Through the analyses of two independent transgenic lines, complementation of the germ line Gata2 null mutation by the 413-kbp linked BAC appears to be complete: Gata2^–/–::Tg^G2BAC mice are born in the anticipated Mendelian ratio, they display no obvious physiological deficiencies, and they parent offspring without apparent difficulty. The size and general health of all viable progeny derived from Gata2^+/– × Gata2^+/–::Tg^G2BAC intercross is indistinguishable from that of wild-type mice (data not shown, supplemental Table S2).

One major unexpected consequence resulting from the BAC linking was the observation that fusion of the two parental BACs led to Gata2 expression in the urogenital epithelium, whereas all of our previous studies examining the expression of lacZ-tagged BACs and YACs that fully overlapped this domain gave no indication that a reporter gene could be expressed in that specific tissue (6–8). The current genetic and histological data support the notion that urogenital epithelial expression is conferred by two distinct, delocalized sequences, one contained within each of the two parental BACs (Fig. 1), which become a functional enhancer element only when the two BACs are joined in cis. This novel concept of a delocalized synthetic enhancer has no precedent insofar as we are aware. Recent studies have also described the existence of domain boundaries, which is established by an array of cis elements (including insulators, boundary elements) that serve to delimit an active transcriptional state in a given region of the genome (25–28). Thus a possible scenario is that there is a single Gata2 ureteric epithelial enhancer, which requires the full complement of domain boundaries present only in the linked BAC to activate GATA-2 expression in the ureteric epithelium. Further investigation into the mechanism by which the ureteric epithelial enhancer becomes functional promises to reveal novel and fundamental insights into transcriptional regulation.

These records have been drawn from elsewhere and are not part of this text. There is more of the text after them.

(* Let $\mathrm{X},\mathrm{Y}$ be locally compact Hausdorff spaces, let $F(\mathrm{X})\subset C_0(\mathrm{X})_+$ contain sufficiently many functions to peak on compact $G_\delta$ subsets of $\mathrm{X}$, and let $T:F(\mathrm{X})\to C_0(\mathrm{Y})_+$ satisfy $\|Tf_1+\cdots+Tf_n\|=\|f_1+\cdots+f_n\|$ for all $n\in\mathbb{N}$ and $f_1,\dots,f_n\in F(\mathrm{X})$. If $x_1,x_2\in\mathrm{X}$ and $x_1\neq x_2$, then $\operatorname{psupp}_T(x_1)\cap\operatorname{psupp}_T(x_2)=\emptyset$.
   Context: $C_0(\mathrm{X})_+$: nonnegative continuous functions vanishing at infinity, sup-norm. $\operatorname{pk}(f)=\{x: f(x)=\|f\|\}$. $F(\mathrm{X})$ ''contains sufficiently many functions to peak on compact $G_\delta$ subsets'' if every nonempty compact $G_\delta$ set $K\subset\mathrm{X}$ equals $\operatorname{pk}(f)$ for some $f\in F(\mathrm{X})$. For $x\in\mathrm{X}$: $\operatorname{PKat}(x)=\{g\in F(\mathrm{X}): g(x)=\|g\|\}$ and $\operatorname{psupp}_T(x)=\bigcap_{h\in\operatorname{PKat}(x)}\operatorname{pk}(Th)\subset\mathrm{Y}$. *)

From HB Require Import structures.
From mathcomp Require Import all_boot all_order all_algebra.
From mathcomp Require Import all_classical all_reals all_analysis.
Set Implicit Arguments. Unset Strict Implicit. Unset Printing Implicit Defensive.
Import Order.TTheory GRing.Theory Num.Theory.
Import numFieldNormedType.Exports.
Local Open Scope classical_set_scope.
Local Open Scope ring_scope.

Section Defs.
Variable R : realType.

Definition supnorm (T : Type) (f : T -> R) : R := sup [set `|f x| | x in [set: T]].

Definition C0plus (X : topologicalType) (f : X -> R) : Prop :=
  continuous f /\ (forall x, 0 <= f x) /\
  (forall eps : R, 0 < eps -> compact [set x | eps <= `|f x|]).

Definition pk (T : Type) (f : T -> R) : set T := [set x | f x = supnorm f].

Definition compact_Gdelta (X : topologicalType) (K : set X) : Prop :=
  compact K /\ exists U : nat -> set X, (forall n, open (U n)) /\ K = \bigcap_n U n.

Definition peaks_on_compact_Gdelta (X : topologicalType) (F : set (X -> R)) : Prop :=
  forall K : set X, K !=set0 -> compact_Gdelta K -> exists2 f, F f & K = pk f.

Definition PKat (X : Type) (F : set (X -> R)) (x : X) : set (X -> R) :=
  [set g | F g /\ g x = supnorm g].

Definition psupp (X Y : Type) (F : set (X -> R)) (T : (X -> R) -> (Y -> R)) (x : X)
  : set Y := \bigcap_(h in PKat F x) pk (T h).
End Defs.

From HB Require Import structures.
From mathcomp Require Import all_boot all_order all_algebra.
From mathcomp Require Import all_classical all_reals all_analysis.
From mathcomp Require Import lra.
Import Order.TTheory GRing.Theory Num.Theory.
Import numFieldNormedType.Exports.
Local Open Scope classical_set_scope.
Local Open Scope ring_scope.

(* Suppose y lies in psupp_T(x1) and in psupp_T(x2) with x1 <> x2.
   Since X is locally compact Hausdorff, x1 and x2 have disjoint compact
   G_delta neighbourhoods K1, K2 (zero sets of Urysohn functions), and F
   contains f1, f2 with pk f1 = K1, pk f2 = K2.  Then f_i peaks at x_i, so y
   is a common peak point of T f1 and T f2, whence
     ||f1|| + ||f2|| = ||T f1|| + ||T f2|| <= ||T f1 + T f2|| = ||f1 + f2||.
   On the other hand two functions of C_0(X)_+ whose peak sets are nonempty
   and disjoint satisfy the strict inequality ||f1 + f2|| < ||f1|| + ||f2||:
   on the compact set {f1 >= ||f1||/2} the sum attains its maximum at a point
   which is not a peak point of both, and off that set the sum is at most
   ||f1||/2 + ||f2||. *)

Section SupNorm.
Context {R : realType} {T : Type}.

Lemma le_supnorm (f : T -> R) (x : T) :
  (forall y, 0 <= f y) -> (exists M, forall y, f y <= M) -> f x <= supnorm f.
Proof.
move=> f0 [M fM]; rewrite /supnorm -[f x]ger0_norm //.
apply: ub_le_sup; last by exists x.
by exists M => _ [y _ <-]; rewrite ger0_norm.
Qed.

Lemma supnorm_le {f : T -> R} {c : R} (x0 : T) :
  (forall y, 0 <= f y) -> (forall y, f y <= c) -> supnorm f <= c.
Proof.
move=> f0 fc; apply: ge_sup; first by exists `|f x0|, x0.
by move=> _ [y _ <-]; rewrite ger0_norm.
Qed.

Lemma lt_supnorm_notpk (f : T -> R) (x : T) :
  (forall y, 0 <= f y) -> (exists M, forall y, f y <= M) -> ~ pk f x ->
  f x < supnorm f.
Proof. by move=> f0 fb npk; rewrite lt_neqAle le_supnorm // andbT; apply/eqP. Qed.

End SupNorm.

Section C0plus.
Context {R : realType} {X : topologicalType}.
Implicit Types f g : X -> R.

(* A function vanishing at infinity is bounded: it is bounded by 1 off the
   compact set {f >= 1} and attains a maximum on that set. *)
Lemma C0plus_bounded {f} : C0plus f -> exists M, forall x, f x <= M.
Proof.
move=> [cf [f0 cpt]].
have [ne|emp] := pselect ([set x | 1 <= `|f x|] !=set0).
  have [c _ maxc] := compact_EVT_max ne (cpt 1 ltr01) (continuous_subspaceT cf).
  exists (Num.max 1 (f c)) => x; rewrite le_max.
  have [f1|/ltW ->//] := lerP 1 (f x).
  by rewrite maxc ?orbT // inE /= ger0_norm.
exists 1 => x; rewrite leNgt; apply/negP => /ltW f1.
by apply: emp; exists x; rewrite /= ger0_norm.
Qed.

Lemma C0plus_le_supnorm {f} x : C0plus f -> f x <= supnorm f.
Proof. by move=> Cf; apply: le_supnorm; [case: Cf => _ [] | exact: C0plus_bounded]. Qed.

Lemma C0plus_lt_supnorm {f x} : C0plus f -> ~ pk f x -> f x < supnorm f.
Proof.
by move=> Cf; apply: lt_supnorm_notpk; [case: Cf => _ [] | exact: C0plus_bounded].
Qed.

Let addE f g (x : X) : (f + g) x = f x + g x. Proof. by []. Qed.

Lemma supnorm_add_common_peak {f g y} :
  C0plus f -> C0plus g -> pk f y -> pk g y -> supnorm f + supnorm g <= supnorm (f + g).
Proof.
move=> Cf Cg pkfy pkgy; have [_ [f0 _]] := Cf; have [_ [g0 _]] := Cg.
have [M fM] := C0plus_bounded Cf; have [N gN] := C0plus_bounded Cg.
rewrite -pkfy -pkgy -addE; apply: le_supnorm => [z|]; first exact: addr_ge0.
by exists (M + N) => z; apply: lerD.
Qed.

Lemma supnorm_add_lt {f g} :
  C0plus f -> C0plus g -> pk f !=set0 -> pk g !=set0 -> pk f `&` pk g = set0 ->
  supnorm (f + g) < supnorm f + supnorm g.
Proof.
move=> Cf Cg [x1 pkfx1] [x2 pkgx2] disj.
have [cf [f0 cptf]] := Cf; have [cg [g0 _]] := Cg.
have no_common z : pk f z -> pk g z -> False.
  by move=> pkfz pkgz; have : (pk f `&` pk g) z by []; rewrite disj.
have f_gt0 : 0 < supnorm f.
  exact: le_lt_trans (f0 x2) (C0plus_lt_supnorm Cf (no_common x2 ^~ pkgx2)).
pose S := [set z | supnorm f / 2 <= `|f z|].
have S_neq0 : S !=set0.
  by exists x1; rewrite /S /= ger0_norm // pkfx1; lra.
have [c _ maxc] := compact_EVT_max S_neq0 (cptf _ (divr_gt0 f_gt0 (ltr0Sn _ 1)))
  (continuous_subspaceT (fun x => continuousD (cf x) (cg x))).
have fgc_lt : (f + g) c < supnorm f + supnorm g.
  rewrite addE; have [pkfc|npkfc] := pselect (pk f c).
    apply: ler_ltD; first exact: C0plus_le_supnorm.
    by apply: C0plus_lt_supnorm Cg _; exact: no_common.
  by apply: ltr_leD; [exact: C0plus_lt_supnorm | exact: C0plus_le_supnorm].
have fg_bound z : (f + g) z <= Num.max ((f + g) c) (supnorm f / 2 + supnorm g).
  rewrite le_max; have [fz|fz] := lerP (supnorm f / 2) (f z).
    by rewrite maxc // inE /S /= ger0_norm.
  by rewrite addE; have := C0plus_le_supnorm z Cg; lra.
have fg_ge0 z : 0 <= (f + g) z by rewrite addE addr_ge0.
apply: le_lt_trans (supnorm_le x1 fg_ge0 fg_bound) _.
by rewrite gt_max fgc_lt /=; lra.
Qed.

End C0plus.

Lemma zero_set_bigcap (R : realType) (X : Type) (f : X -> R) :
  (forall x, 0 <= f x) ->
  f @^-1` [set 0] = \bigcap_n f @^-1` [set r | r < n.+1%:R^-1].
Proof.
move=> f0; apply/seteqP; split => [y /= fy0 n _|y fy_small].
  by rewrite /= fy0 invr_gt0 ltr0n.
apply/eqP; rewrite eq_le f0 andbT leNgt; apply/negP => fy_gt0.
have [N _ /(_ N (leqnn N)) /= Nlt] := near_infty_natSinv_lt (PosNum fy_gt0).
by have := lt_trans (fy_small N I) Nlt; rewrite ltxx.
Qed.

(* In a locally compact Hausdorff space, every open neighbourhood of a point
   contains a compact G_delta neighbourhood of it: the zero set of an
   R-valued Urysohn function vanishing at the point and equal to 1 off a
   compact neighbourhood (any real type R can serve as codomain). *)
Lemma compact_Gdelta_in_open (R : realType) {X : topologicalType} {x : X} {U : set X} :
  hausdorff_space X -> locally_compact [set: X] -> open U -> U x ->
  exists K : set X, [/\ compact_Gdelta K, K x & K `<=` U].
Proof.
move=> hX lcX oU Ux.
have := lcX x I; rewrite withinET => -[C nC [cC _]].
pose W := C° `&` U.
have oW : open W by apply: openI => //; exact: open_interior.
have nWx : ~ (~` W) x by apply; split.
have := @locally_compact_completely_regular X R lcX hX _ _
  (open_closedC oW) nWx.
move=> /(@uniform_separatorP X R) [f [cf rf f0 f1]].
have f_ge0 z : 0 <= f z.
  have /rf : range f (f z) by exists z.
  by rewrite /= in_itv /= => /andP[].
pose K := f @^-1` [set 0].
have KW : K `<=` W.
  move=> z Kz; apply: contrapT => nWz.
  have /f1 : (f @` ~` W) (f z) by exists z.
  by rewrite /= Kz => /eqP; rewrite eq_sym oner_eq0.
have clK : closed K.
  by have := @closed_eq R 0; exact: (iffLR (continuous_closedP f) cf).
exists K; split; last 2 first.
- by apply: f0; exists x.
- by move=> z /KW [].
split.
  by apply: subclosed_compact clK cC _ => z /KW [/interior_subset].
exists (fun n => f @^-1` [set r | r < n.+1%:R^-1]); split; last first.
  exact: zero_set_bigcap.
by move=> n; have := @open_lt R n.+1%:R^-1; exact: (iffLR (continuousP f) cf).
Qed.

Lemma separate_by_compact_Gdelta (R : realType) {X : topologicalType} {x1 x2 : X} :
  hausdorff_space X -> locally_compact [set: X] -> x1 <> x2 ->
  exists K1 K2 : set X,
    [/\ compact_Gdelta K1, compact_Gdelta K2, K1 x1, K2 x2 & K1 `&` K2 = set0].
Proof.
move=> hX lcX x12.
have sep := hX; rewrite open_hausdorff in sep.
have [[A B] /= [+ +] [oA oB /eqP AB0]] := sep x1 x2 (introN eqP x12).
rewrite !inE => Ax1 Bx2.
have [K1 [gK1 K1x1 K1A]] := compact_Gdelta_in_open R hX lcX oA Ax1.
have [K2 [gK2 K2x2 K2B]] := compact_Gdelta_in_open R hX lcX oB Bx2.
exists K1, K2; split => //; rewrite -subset0 -AB0.
exact: setISS.
Qed.

Section NormAdditive.
Context {R : realType} {X Y : Type} {F : set (X -> R)} {T : (X -> R) -> (Y -> R)}.
Hypothesis Hnorm : forall (n : nat) (f : 'I_n -> (X -> R)), (forall i, F (f i)) ->
  supnorm (\sum_(i < n) T (f i)) = supnorm (\sum_(i < n) f i).

Lemma supnorm_T {f} : F f -> supnorm (T f) = supnorm f.
Proof. by move=> Ff; have := Hnorm 1 (fun _ => f) (fun _ => Ff); rewrite !big_ord1. Qed.

Lemma supnorm_T_add {f g} : F f -> F g -> supnorm (T f + T g) = supnorm (f + g).
Proof.
move=> Ff Fg; pose h (i : 'I_2) := if val i == 0%N then f else g.
have Fh i : F (h i) by rewrite /h; case: ifP.
by have := Hnorm 2 h Fh; rewrite !big_ord_recl !big_ord0 !addr0.
Qed.

End NormAdditive.

Theorem mainTheorem16 (R : realType) (X Y : topologicalType)
  (hX : hausdorff_space X) (lcX : locally_compact [set: X])
  (hY : hausdorff_space Y) (lcY : locally_compact [set: Y])
  (F : set (X -> R)) (HF : forall f, F f -> C0plus f)
  (Hpeak : peaks_on_compact_Gdelta F)
  (T : (X -> R) -> (Y -> R)) (HT : forall f, F f -> C0plus (T f))
  (Hnorm : forall (n : nat) (f : 'I_n -> (X -> R)), (forall i, F (f i)) ->
     supnorm (\sum_(i < n) T (f i)) = supnorm (\sum_(i < n) f i))
  (x1 x2 : X) : x1 <> x2 -> psupp F T x1 `&` psupp F T x2 = set0.
Proof.
move=> x12; rewrite -subset0 => y [y1 y2].
have [K1 [K2 [gK1 gK2 K1x1 K2x2 K12]]] := separate_by_compact_Gdelta R hX lcX x12.
have [f1 Ff1 eK1] := Hpeak K1 (ex_intro _ x1 K1x1) gK1.
have [f2 Ff2 eK2] := Hpeak K2 (ex_intro _ x2 K2x2) gK2.
have pkTf1 : pk (T f1) y by apply: y1; split => //; rewrite eK1 in K1x1.
have pkTf2 : pk (T f2) y by apply: y2; split => //; rewrite eK2 in K2x2.
have := supnorm_add_common_peak (HT _ Ff1) (HT _ Ff2) pkTf1 pkTf2.
rewrite !(supnorm_T Hnorm) // (supnorm_T_add Hnorm) //.
rewrite leNgt => /negP; apply.
apply: supnorm_add_lt (HF _ Ff1) (HF _ Ff2) _ _ _.
- by exists x1; rewrite -eK1.
- by exists x2; rewrite -eK2.
- by rewrite -eK1 -eK2.
Qed.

We conclude from the data shown here that the urogenital deficiency detected in the YAC-rescued Gata2^–/– mice is indeed the cause of their perinatal lethality (6). We also conclude that Gata2 enhancers that have been identified lying outside the –187/+226 kbp boundaries (7) encompassed by the G2BAC are unnecessary for viability or healthy reproductive status. The possibility that these even more distant enhancers control functions for which GATA-2 activity is redundant seems likely, but this hypothesis remains to be tested.

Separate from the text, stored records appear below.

Lemma plim1_series : exists S,
  infinite_sum (fun k => q ^ (k + 1) / qprod q (2 * (k + 1) + 1)) S /\
  plim 1 = 1 / (1 + (q - 1) * S).
Proof.
exists ((weight_sum 1 - 1) * / (q - 1)); split.
  have := infinite_sum_tail (a := weight 1) (weight_sum_cv 1); rewrite weight0.
  move=> /(infinite_sum_scal (/ (q - 1))); apply: infinite_sum_ext => k.
  have := qprod_gt0 (2 * (k + 1) + 1).
  by rewrite /weight qprod1 => ?; field; lra.
rewrite (plim_parity 0 (leqnn 1)) weight0; field.
by have := weight_sum_gt1 1; lra.
Qed.

End QAnalysis.

Section Link.
Variable F : finFieldType.
Let q := INR #|F|.

Lemma card_ge2 : 2 <= q.
Proof. by rewrite /q -[2]/(INR 2); apply/le_INR/leP/card_finNzRing_gt1. Qed.

Lemma INR_expn (a b : nat) : INR (expn a b) = INR a ^ b.
Proof. by elim: b => [|b IHb] //; rewrite expnS -multE mult_INR IHb. Qed.

Lemma INR_nframes k d : INR (nframes F k d) = qframes q k d.
Proof.
elim: k => [|k IHk]; first by rewrite /nframes big_ord0.
rewrite /nframes big_ord_recr /= -/(nframes F k d) -multE mult_INR IHk.
have [le_kd | lt_dk] := leqP k d; last first.
  by rewrite (qframes_eq0 q lt_dk) !Rmult_0_l.
rewrite -minusE minus_INR ?INR_expn //; apply/leP.
by rewrite leq_exp2l // card_finNzRing_gt1.
Qed.

Lemma INR_card_diffs n k : INR #|diffs_of_rank F n k| = qdiffs q n k.
Proof.
have := card_diffs_of_rank F n k; rewrite -!multE => /(f_equal INR).
rewrite !mult_INR !INR_nframes => card_eq.
have kk_gt0 := qframes_gt0 card_ge2 (leqnn k).
apply: (Rmult_eq_reg_r (qframes q k k)); last lra.
by rewrite card_eq /qdiffs; field; lra.
Qed.

Lemma INR_sum_ord n (f : nat -> nat) :
  INR (\sum_(j < n.+1) f j)%nat = sum_f_R0 (fun j => INR (f j)) n.
Proof.
elim: n => [|n IHn]; first by rewrite big_ord_recr big_ord0.
by rewrite big_ord_recr /= -plusE plus_INR IHn.
Qed.

Lemma p_rn_qdiffs r k :
  p_rn F r (r + 2 * k) = qdiffs q (r + 2 * k) k / sum_f_R0 (qdiffs q (r + 2 * k)) (r + 2 * k).
Proof.
rewrite /p_rn cr_count_diffs c_count_diffs INR_card_diffs.
rewrite (INR_sum_ord _ (fun j => #|diffs_of_rank F (r + 2 * k) j|)).
by congr (_ / _); apply: sum_eq => j _; apply: INR_card_diffs.
Qed.

End Link.

Theorem theorem1 (F : finFieldType) :
  let q := INR #|F| in
  exists pl : nat -> R,
    (forall r : nat,
        Un_cv (fun k : nat => p_rn F r (r + 2 * k)%nat) (pl r)
        /\ 0 < pl r < 1)
    /\ (forall m : nat, (1 <= m)%nat ->
          pl (2 * m)%nat / pl 0%nat = q ^ m / qprod q (2 * m))
    /\ (exists S : R,
          infinite_sum (fun k : nat => q ^ (k + 1) / qprod q (2 * (k + 1))) S
          /\ pl 0%nat = 1 / (1 + S))
    /\ (forall m : nat, (1 <= m)%nat ->
          pl (2 * m + 1)%nat / pl 1%nat
          = (q - 1) * q ^ m / qprod q (2 * m + 1))
    /\ (exists S' : R,
          infinite_sum (fun k : nat => q ^ (k + 1) / qprod q (2 * (k + 1) + 1)) S'
          /\ pl 1%nat = 1 / (1 + (q - 1) * S')).
Proof.
move=> q; have q_ge2 := card_ge2 F.
exists (plim q_ge2); split.
  move=> r; split; last exact: plim_bounds.
  by apply: Un_cv_ext (plim_cv q_ge2 r) => k; rewrite p_rn_qdiffs.
split; first by move=> m _; apply: plim_even.
split; first exact: plim0_series.
split; first by move=> m _; apply: plim_odd.
exact: plim1_series.
Qed.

Finally, recombineering-based mutagenesis strategies to link overlapping BACs via homologous recombination have been previously described (29–31), although none of the earlier reports attempted transgenic rescue with the manipulated DNA. Here, we employed a somewhat different approach by utilizing cre-mediated homologous recombination to exploit the documented differential recombination efficiency between homologous versus heterologous loxP sequences to create a fully rescuing BAC transgene. This could provide the scientific community with a powerful genetic tool that could be used to quickly and efficiently mutate specific sequences in vivo in any rescuing transgene. Interrogation of genomic locus activity using these straightforward recombineering strategies could provide a much more rapid way of assessing the effects of any mutation when compared with the lengthy process involved in the generation of germ line mutants by ES cell targeting, especially if one wishes to examine (e.g.) dozens of different mutations in the same genetic locus. Thus this BAC complementation strategy may offer several advantages over the creation of conditional germ line mutants for animals in which stable null mutations already exist.